Lack of representative data about hidden groups, like men who have sex with men (MSM), hinders an evidence-based response to the HIV epidemics. Respondent-driven sampling (RDS) was developed to overcome sampling challenges in studies of populations like MSM for which sampling frames are absent. Internet-based RDS (webRDS) can potentially circumvent limitations of the original RDS method. We aimed to implement and evaluate webRDS among a hidden population.

Methods and Design

This cross-sectional study took place 18 February to 12 April, 2011 among MSM in Vietnam. Inclusion criteria were men, aged 18 and above, who had ever had sex with another man and were living in Vietnam. Participants were invited by an MSM friend, logged in, and answered a survey. Participants could recruit up to four MSM friends.
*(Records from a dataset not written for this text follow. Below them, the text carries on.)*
(* Let $\mathcal C$ be a Clifford circuit with $m$ measurements. The map $\mathbb Z_2^m\to\overline{\mathcal P}_{n(\Delta+1)}$, $u\mapsto\overleftarrow{F(u)}$, is an injective group morphism.
   Context: A Clifford circuit on $n$ qubits is a finite sequence of operations, each a unitary Clifford gate or the measurement of a Hermitian $n$-qubit Pauli, each with a level in $\{1,2,\dots\}$; operations of equal level have disjoint supports and levels are nondecreasing; depth $\Delta$ = maximal level. In circuit order the $j$-th measurement measures $S_j$ at level $\ell_j$, $j=1,\dots,m$. $\overline{\mathcal P}_N$ is the $N$-qubit Pauli group modulo phases. $U_\ell$ is the product of the unitary gates of level $\ell$ (identity if none). A fault operator $F\in\overline{\mathcal P}_{n(\Delta+1)}$ acts on qubits $(\ell+0.5,q)$, $0\le\ell\le\Delta$, $1\le q\le n$; $F_{\ell+0.5}$ is its level-$(\ell+0.5)$ component; $\eta_{\ell+0.5}(P)$ is the fault operator equal to $P\in\overline{\mathcal P}_n$ at level $\ell+0.5$ and $I$ elsewhere. Back-cumulant $\overleftarrow F$: start with $\overleftarrow F=F$; for $\ell=\Delta,\dots,1$ replace $\overleftarrow F_{\ell-0.5}$ by $\overleftarrow F_{\ell-0.5}\cdot U_\ell^{-1}\overleftarrow F_{\ell+0.5}U_\ell$. For $u\in\mathbb Z_2^m$, $F(u)=\prod_{j=1}^m\eta_{\ell_j-0.5}(S_j^{u_j})$. *)

From HB Require Import structures.
From mathcomp Require Import all_boot all_order all_algebra.
Set Implicit Arguments. Unset Strict Implicit. Unset Printing Implicit Defensive.
Import GRing.Theory.
Local Open Scope ring_scope.

(* n-qubit Pauli operators modulo phases: each qubit carries (x,z) in F_2^2;
   multiplication modulo phases is componentwise addition. *)
Definition pauli (n : nat) := {ffun 'I_n -> 'F_2 * 'F_2}.

Definition psupport n (P : pauli n) : {set 'I_n} := [set q | P q != 0].

(* symplectic form: commutation (0) / anticommutation (1) *)
Definition symp n (P Q : pauli n) : 'F_2 :=
  \sum_(q < n) ((P q).1 * (Q q).2 + (P q).2 * (Q q).1).

(* g : P |-> G^{-1} P G (modulo phases) is the conjugation action of a
   unitary Clifford gate G supported on A (G = G_A (x) I).  The mod-phase
   conjugation actions of Clifford unitaries are exactly the symplectic
   automorphisms of F_2^{2n}; G acting trivially outside A means g fixes Paulis
   supported outside A and maps Paulis supported in A into Paulis supported in A. *)
Definition clifford_action n (A : {set 'I_n}) (g : pauli n -> pauli n) : Prop :=
  [/\ {morph g : P Q / P + Q},
      bijective g,
      (forall P Q, symp (g P) (g Q) = symp P Q),
      (forall P, [disjoint psupport P & A] -> g P = P) &
      (forall P, psupport P \subset A -> psupport (g P) \subset A)].

Inductive op (n : nat) :=
| Gate of {set 'I_n} & (pauli n -> pauli n)
| Meas of pauli n.

Definition op_support n (o : op n) : {set 'I_n} :=
  match o with Gate A _ => A | Meas Sm => psupport Sm end.

(* a circuit: the list of its operations in circuit order, each with a level *)
Definition circuit (n : nat) := seq (op n * nat).

Definition in_circ n (o : op n * nat) (c : circuit n) : Prop :=
  exists2 i, (i < size c)%N & nth (Meas 0, 0%N) c i = o.

Definition valid_circuit n (c : circuit n) : Prop :=
  [/\ all (fun o => 0 < o.2)%N c,
      sorted (fun a b : op n * nat => a.2 <= b.2)%N c,
      (forall i j, (i < j < size c)%N ->
         (nth (Meas 0, 0%N) c i).2 = (nth (Meas 0, 0%N) c j).2 ->
         [disjoint op_support (nth (Meas 0, 0%N) c i).1
                 & op_support (nth (Meas 0, 0%N) c j).1]),
      (forall A g l, in_circ (Gate A g, l) c -> clifford_action A g) &
      (forall Sm l, in_circ (Meas Sm, l) c -> Sm != 0)].

Definition depth n (c : circuit n) : nat := foldr (fun o d => maxn o.2 d) 0%N c.

Definition meas_list n (c : circuit n) : seq (pauli n * nat) :=
  pmap (fun o : op n * nat => if o.1 is Meas Sm then Some (Sm, o.2) else None) c.

Definition nmeas n (c : circuit n) : nat := size (meas_list c).

Definition meas_S n (c : circuit n) (j : nat) : pauli n := (nth (0, 0%N) (meas_list c) j).1.
Definition meas_l n (c : circuit n) (j : nat) : nat := (nth (0, 0%N) (meas_list c) j).2.

(* P |-> U_l^{-1} P U_l, U_l the product of the gates of level l *)
Definition gates_at n (c : circuit n) (l : nat) : seq (pauli n -> pauli n) :=
  pmap (fun o : op n * nat =>
          if o.1 is Gate _ g then (if o.2 == l then Some g else None) else None) c.

Definition conjU n (c : circuit n) (l : nat) (P : pauli n) : pauli n :=
  foldl (fun Q g => g Q) P (gates_at c l).

(* fault operators: component i : 'I_(Delta+1) is the level (i+0.5) part *)
Definition fault n (c : circuit n) := {ffun 'I_(depth c).+1 -> pauli n}.

Definition back_step n (c : circuit n) (l : nat) (F : fault c) : fault c :=
  [ffun i : 'I_(depth c).+1 =>
     if nat_of_ord i == l.-1 then F i + conjU c l (F (inord l)) else F i].

Definition back_cumulant n (c : circuit n) (F : fault c) : fault c :=
  foldl (fun G l => @back_step n c l G) F (rev (iota 1 (depth c))).

Definition F_of n (c : circuit n) (u : {ffun 'I_(nmeas c) -> 'F_2}) : fault c :=
  [ffun i : 'I_(depth c).+1 =>
     \sum_(j < nmeas c | (meas_l c j).-1 == nat_of_ord i)
        (if u j == 1 then meas_S c j else 0)].

From mathcomp Require Import all_boot all_order all_algebra.
Import GRing.Theory.
Set Implicit Arguments. Unset Strict Implicit. Unset Printing Implicit Defensive.
Local Open Scope ring_scope.

(* Each step of the back-cumulant adds to
   level l - 1/2 a function of level l + 1/2, which it leaves unchanged, so it
   is injective, and so is their composite.  Finally F(u) = 0 forces u = 0:
   the measurements of a given level have nonempty pairwise disjoint
   supports, so on the support of S_j the level-(l_j - 1/2) component of F(u)
   is S_j or 0 according to u_j. *)

Lemma F2P (a : 'F_2) : a = 0 \/ a = 1.
Proof. by case: a => -[|[|//]] ?; [left|right]; apply/val_inj. Qed.

Lemma F2_addxx (a : 'F_2) : a + a = 0.
Proof. by case: (F2P a) => ->; [rewrite addr0|apply/val_inj]. Qed.

Lemma F2_addE (a b : 'F_2) : (a + b == 1) = (a == 1) (+) (b == 1).
Proof. by case: (F2P a) => ->; case: (F2P b) => ->; rewrite ?add0r ?addr0 ?F2_addxx. Qed.

Lemma F2_eq1 (a : 'F_2) : (a == 1) = (a != 0).
Proof. by case: (F2P a) => ->. Qed.

Lemma pauli_addxx n (P : pauli n) : P + P = 0.
Proof.
apply/ffunP => q; rewrite !ffunE.
by case: (P q) => a b; congr (_, _); apply: F2_addxx.
Qed.

Lemma addmorph_inj (U V : zmodType) (f : U -> V) :
  {morph f : x y / x + y} -> (forall x, f x = 0 -> x = 0) -> injective f.
Proof.
move=> fD f_eq0 x y fxy; apply/eqP; rewrite -subr_eq0; apply/eqP/f_eq0.
by apply: (@addIr _ (f y)); rewrite -fD subrK fxy add0r.
Qed.

Lemma pairwise_pmap (T U : Type) (f : T -> option U) (r : rel T) (r' : rel U) :
  (forall x y a b, f x = Some a -> f y = Some b -> r x y -> r' a b) ->
  forall s, pairwise r s -> pairwise r' (pmap f s).
Proof.
move=> fr; elim=> [|x s IH] //= /andP[rx /IH{}IH].
case fx: (f x) => [a|] //=; rewrite IH andbT all_pmap.
by apply: sub_all rx => y /=; case fy: (f y) => [b|] //; apply: fr fx fy.
Qed.

Lemma in_circ_cons n (o a : op n * nat) (s : circuit n) :
  in_circ o s -> in_circ o (a :: s).
Proof. by case=> i lt_i_s si; exists i.+1. Qed.

Lemma conjUD n (c : circuit n) l :
  (forall A g l', in_circ (Gate A g, l') c -> {morph g : P Q / P + Q}) ->
  {morph conjU c l : P Q / P + Q}.
Proof.
rewrite /conjU /gates_at; elim: c => [|[o l'] s IH] gD P Q //=.
have {}IH : {morph foldl (fun Q g => g Q) ^~ (gates_at s l) : P Q / P + Q}.
  by apply: IH => A g l'' /(in_circ_cons (o, l')); apply: gD.
case: o gD => [A g|Sm] gD /=; last exact: IH.
case: (l' == l) => /=; last exact: IH.
by rewrite (gD A g l') ?IH //; exists 0%N.
Qed.

Lemma back_stepD n (c : circuit n) l :
  {morph conjU c l : P Q / P + Q} -> {morph @back_step n c l : F G / F + G}.
Proof.
move=> UD F G; apply/ffunP => i; rewrite !ffunE.
by case: ifP => // _; rewrite UD addrACA.
Qed.

Lemma back_cumulantD n (c : circuit n) :
  (forall l, {morph conjU c l : P Q / P + Q}) ->
  {morph @back_cumulant n c : F G / F + G}.
Proof.
move=> UD; rewrite /back_cumulant.
by elim: (rev _) => [|l s IH] //= F G; rewrite back_stepD.
Qed.

Lemma back_step_inj n (c : circuit n) l : (0 < l <= depth c)%N ->
  injective (@back_step n c l).
Proof.
move=> /andP[l_gt0 l_le] F G eqFG.
have comp_eq i : back_step l F i = back_step l G i by rewrite eqFG.
have eq_l : F (inord l) = G (inord l).
  by have := comp_eq (inord l); rewrite !ffunE inordK ?ltnS // gtn_eqF ?ltn_predL.
apply/ffunP => i; have := comp_eq i; rewrite !ffunE.
by case: ifP => // _; rewrite eq_l; apply: addIr.
Qed.

Lemma back_cumulant_inj n (c : circuit n) : injective (@back_cumulant n c).
Proof.
rewrite /back_cumulant.
have : all (fun l => 0 < l <= depth c)%N (rev (iota 1 (depth c))).
  by apply/allP => l; rewrite mem_rev mem_iota add1n ltnS.
elim: (rev _) => [_ F G //|l s IH /andP[l_range /IH s_inj] F G /s_inj].
exact: back_step_inj.
Qed.

Lemma F_ofD n (c : circuit n) : {morph @F_of n c : u v / u + v}.
Proof.
move=> u v; apply/ffunP => i; rewrite !ffunE -big_split /=.
apply: eq_bigr => j _; rewrite ffunE F2_addE.
by case: (u j == 1); case: (v j == 1); rewrite /= ?addr0 ?add0r ?pauli_addxx.
Qed.

Lemma level_le_depth n (c : circuit n) : all (fun o : op n * nat => o.2 <= depth c)%N c.
Proof.
elim: c => //= a s IH; rewrite leq_maxl /=.
by apply: sub_all IH => o /leq_trans; apply; apply: leq_maxr.
Qed.

Section Measurements.

Variables (n : nat) (c : circuit n).
Hypothesis c_valid : valid_circuit c.

Lemma meas_list_valid :
  all (fun m : pauli n * nat => [&& (0 < m.2)%N, (m.2 <= depth c)%N & m.1 != 0])
      (meas_list c).
Proof.
case: c_valid => levels_gt0 _ _ _ meas_neq0.
rewrite all_pmap; apply/(all_nthP (Meas 0, 0%N)) => i lt_i_c.
have := all_nthP (Meas 0, 0%N) levels_gt0 i lt_i_c.
have := all_nthP (Meas 0, 0%N) (level_le_depth c) i lt_i_c.
case Ei: (nth _ c i) => [[A g|Sm] l] //= -> ->.
by apply: (meas_neq0 Sm l); exists i.
Qed.

Lemma meas_list_disjoint :
  pairwise (fun a b : pauli n * nat =>
              (a.2 == b.2) ==> [disjoint psupport a.1 & psupport b.1])
           (meas_list c).
Proof.
case: c_valid => _ _ disj _ _.
apply: (@pairwise_pmap _ _ _ (fun a b : op n * nat => (a.2 == b.2) ==>
          [disjoint op_support a.1 & op_support b.1])).
  by move=> [[A g|S] l] [[A' g'|S'] l'] // a b [<-] [<-].
apply/(pairwiseP (Meas 0, 0%N)) => i j; rewrite !inE => lt_i lt_j lt_ij.
by apply/implyP => /eqP; apply: disj; rewrite lt_ij.
Qed.

Lemma meas_valid (j : 'I_(nmeas c)) :
  [/\ (0 < meas_l c j)%N, (meas_l c j <= depth c)%N & meas_S c j != 0].
Proof. by have /and3P[] := all_nthP (0, 0%N) meas_list_valid j (ltn_ord j). Qed.

Lemma meas_disjoint (j j' : 'I_(nmeas c)) :
  j != j' -> meas_l c j = meas_l c j' ->
  [disjoint psupport (meas_S c j) & psupport (meas_S c j')].
Proof.
move=> neq_jj' eq_l; have /(pairwiseP (0, 0%N)) disj := meas_list_disjoint.
have [lt_jj'|lt_j'j|/val_inj eq_jj'] := ltngtP j j'.
- by have /implyP := disj j j' (ltn_ord j) (ltn_ord j') lt_jj'; apply; apply/eqP.
- rewrite disjoint_sym.
  by have /implyP := disj j' j (ltn_ord j') (ltn_ord j) lt_j'j; apply; apply/eqP.
- by rewrite eq_jj' eqxx in neq_jj'.
Qed.

Lemma F_of_meas_support (w : {ffun 'I_(nmeas c) -> 'F_2}) (j : 'I_(nmeas c)) q :
  q \in psupport (meas_S c j) ->
  F_of w (inord (meas_l c j).-1) q = if w j == 1 then meas_S c j q else 0.
Proof.
move=> q_Sj; have [lj_gt0 lj_le _] := meas_valid j.
have le_pred : ((meas_l c j).-1 < (depth c).+1)%N.
  by rewrite ltnS (leq_trans (leq_pred _) lj_le).
rewrite ffunE sum_ffunE (bigD1 j) ?inordK //= big1 ?addr0.
  by case: ifP => //; rewrite ffunE.
move=> j' /andP[/eqP eq_lvl neq_j'j]; case: ifP => _; last by rewrite ffunE.
have [lj'_gt0 _ _] := meas_valid j'.
have eq_l : meas_l c j' = meas_l c j.
  by rewrite -(prednK lj'_gt0) -(prednK lj_gt0) eq_lvl.
have := disjointFl (meas_disjoint neq_j'j eq_l) q_Sj.
by rewrite inE => /negbFE/eqP.
Qed.

Lemma F_of_eq0 (w : {ffun 'I_(nmeas c) -> 'F_2}) : F_of w = 0 -> w = 0.
Proof.
move=> Fw0; apply/ffunP => j; rewrite ffunE; apply/eqP.
rewrite -[_ == 0]negbK -F2_eq1; apply/negP => wj.
have [_ _ Sj_neq0] := meas_valid j.
have [q] : exists q, q \in psupport (meas_S c j).
  apply/existsP; apply: contraR Sj_neq0 => /existsPn Sj0.
  by apply/eqP/ffunP => q; have := Sj0 q; rewrite inE ffunE negbK => /eqP.
move=> q_Sj; have := F_of_meas_support w q_Sj; rewrite inE in q_Sj.
by rewrite Fw0 wj !ffunE => /esym/eqP; apply/negP.
Qed.

Lemma F_of_inj : injective (@F_of n c).
Proof. exact: addmorph_inj (@F_ofD n c) F_of_eq0. Qed.

End Measurements.

Theorem mainTheorem9 (n : nat) (c : circuit n) :
  valid_circuit c ->
  {morph (fun u : {ffun 'I_(nmeas c) -> 'F_2} => back_cumulant (F_of u)) : u v / u + v}
  /\ injective (fun u : {ffun 'I_(nmeas c) -> 'F_2} => back_cumulant (F_of u)).
Proof.
move=> c_valid; split; last exact: inj_comp (@back_cumulant_inj n c) (F_of_inj c_valid).
have UD l : {morph conjU c l : P Q / P + Q}.
  apply: conjUD => A g l' gc; case: c_valid => _ _ _ gates _.
  by case: (gates A g l' gc).
by move=> u v /=; rewrite F_ofD back_cumulantD.
Qed.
We evaluated the system by its success in generating sustained recruitment and the degree to which the sample compositions stabilized with increasing sample size.

Results

Twenty starting participants generated 676 participants over 24 recruitment waves. Analyses did not show evidence of bias due to ineligible participation. Estimated mean age was 22 years and 82% came from the two large metropolitan areas. 32 out of 63 provinces were represented. The median number of sexual partners during the last six months was two. The sample composition stabilized well for 16 out of 17 variables.

Conclusion

Results indicate that webRDS could be implemented at a low cost among Internet-using MSM in Vietnam. WebRDS may be a promising method for sampling of Internet-using MSM and other hidden groups.